Быть может, тебе этот словесный турнир непонятен? Так знай же, что самое позорное занятие — это писать книги. Пол, эрос, Платон, София, статуя — вот лозунг религиозно-философской Москвы. Это настолько всем теперь понятно, что никто не удивился, когда, парируя обвинение У. в книгоделаньи, докладчик заметил, что у самого У-а не только вместо статуй выходят книги, но даже статьи смахивают на «Lehrbuch'n»; а что может быть позорнее для статьи, как, говоря эротическим жаргоном Москвы, — подмигивать хотя бы одним глазом книге. Прения затянулись далеко за полночь, и мне было на этот раз определенно тяжело и неприятно их слушать.

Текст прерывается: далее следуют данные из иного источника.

Theorem lemma3 (p q r : nat -> R)
  (Hp : forall j, 0 <= p j) (Hq : forall j, 0 <= q j) (Hr : forall j, 0 <= r j)
  (Hsum : forall j, p j + q j + r j = 1)
  (Hq0 : q 0%nat = 0)
  (Hppos : forall j, 0 < p j)
  (Hqpos : forall j, (1 <= j)%nat -> 0 < q j) :
  (forall phi : vec, in_l2 r phi ->
     (in_HS p q r phi <->
      exists c : nat -> Cplx, forall l d, phi l d = eta_comb p q r c l d))
  /\ ((forall j, ~ 0 < r j) ->
      forall phi : vec, in_HS p q r phi -> forall l d, phi l d = C0)
  /\ (forall j, 0 < r j -> in_l2 r (etaC p q r j) ->
      U_rel p q r (etaC p q r j) (vopp (etaC p q r j))).
Proof.
  split; [|split].
  - intros phi Hl2. destruct (l2_supported r phi Hl2) as [SRe SIm]. split.
    + (* phi is the eta-combination with coefficients read off on the R arcs. *)
      intros HS. destruct (balanced_of_HS p q r Hr Hq0 phi HS) as [BRe BIm].
      exists (fun i => mkC (Re (phi i DR) / lead p q i) (Im (phi i DR) / lead p q i)).
      intros l d. apply Cext.
      * rewrite Re_eta_comb. exact (balanced_representation p q r Hq Hq0 Hppos Hqpos _ BRe SRe l d).
      * rewrite Im_eta_comb. exact (balanced_representation p q r Hq Hq0 Hppos Hqpos _ BIm SIm l d).
    + intros [c Hc]. split; [assumption|]. destruct Hl2 as [_ [B HB]].
      apply (ortho_HR_of_balanced p q r phi B); [|assumption].
      apply (balancedC_ext _ _ _ _ _ Hc), eta_comb_balanced; assumption.
  - intros Hempty phi HS. destruct (balanced_of_HS p q r Hr Hq0 phi HS) as [BRe BIm].
    destruct (l2_supported r phi (proj1 HS)) as [SRe SIm].
    intros l d. apply Cext;
      [apply (balanced_unique p q r Hppos (ReF phi)) | apply (balanced_unique p q r Hppos (ImF phi))];
      try assumption; intros m Hm; contradiction (Hempty m).
  - (* Pi_A eta_j = 0 since eta_j is orthogonal to H^(R), and S eta_j = eta_j. *)
    intros j Hj [_ [B HB]]. apply U_eigen_minus_one; [|apply etaC_shift; assumption].
    apply (projA_of_balanced p q r _ B); [apply etaC_balanced | ]; assumption.
Qed.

Все время перед глазами стояло озеро Бабит и бурые болота боевых участков под Ригой. Куда-то проходили[124]цепи серых сибирских стрелков, все время в ушах трещали пулеметы, раскатывались орудийные выстрелы, стонали раненые — и не ладно врывались во все это на все лады произносимые слова о святой Софии. В моем оторванном от ученой жизни сознании голубая София превращалась в голубое озеро, а голубое озеро в озеро Бабит. Казалось, что сидящие вокруг зеленого стола ученые и философы сидят вокруг голубого озера Бабит. Казалось, что вокруг стола-озера сидят не то знакомые ученые, не то солдаты-сибиряки, и вместо того, чтобы идти наступать, все говорят, спорят, кричат. Все сливалось в какой-то мучительный хаос, в тяжелый кошмар.
Несколько дней спустя после доклада я был у X., который живет вместе с У., застал там кроме них еще и профессора-референта. Говорили почти все время на темы реферата. Многое, что в публичном заседании меня определенно коробило, производило в уютной и одухотворенной квартире поэта гораздо более приятное впечатление.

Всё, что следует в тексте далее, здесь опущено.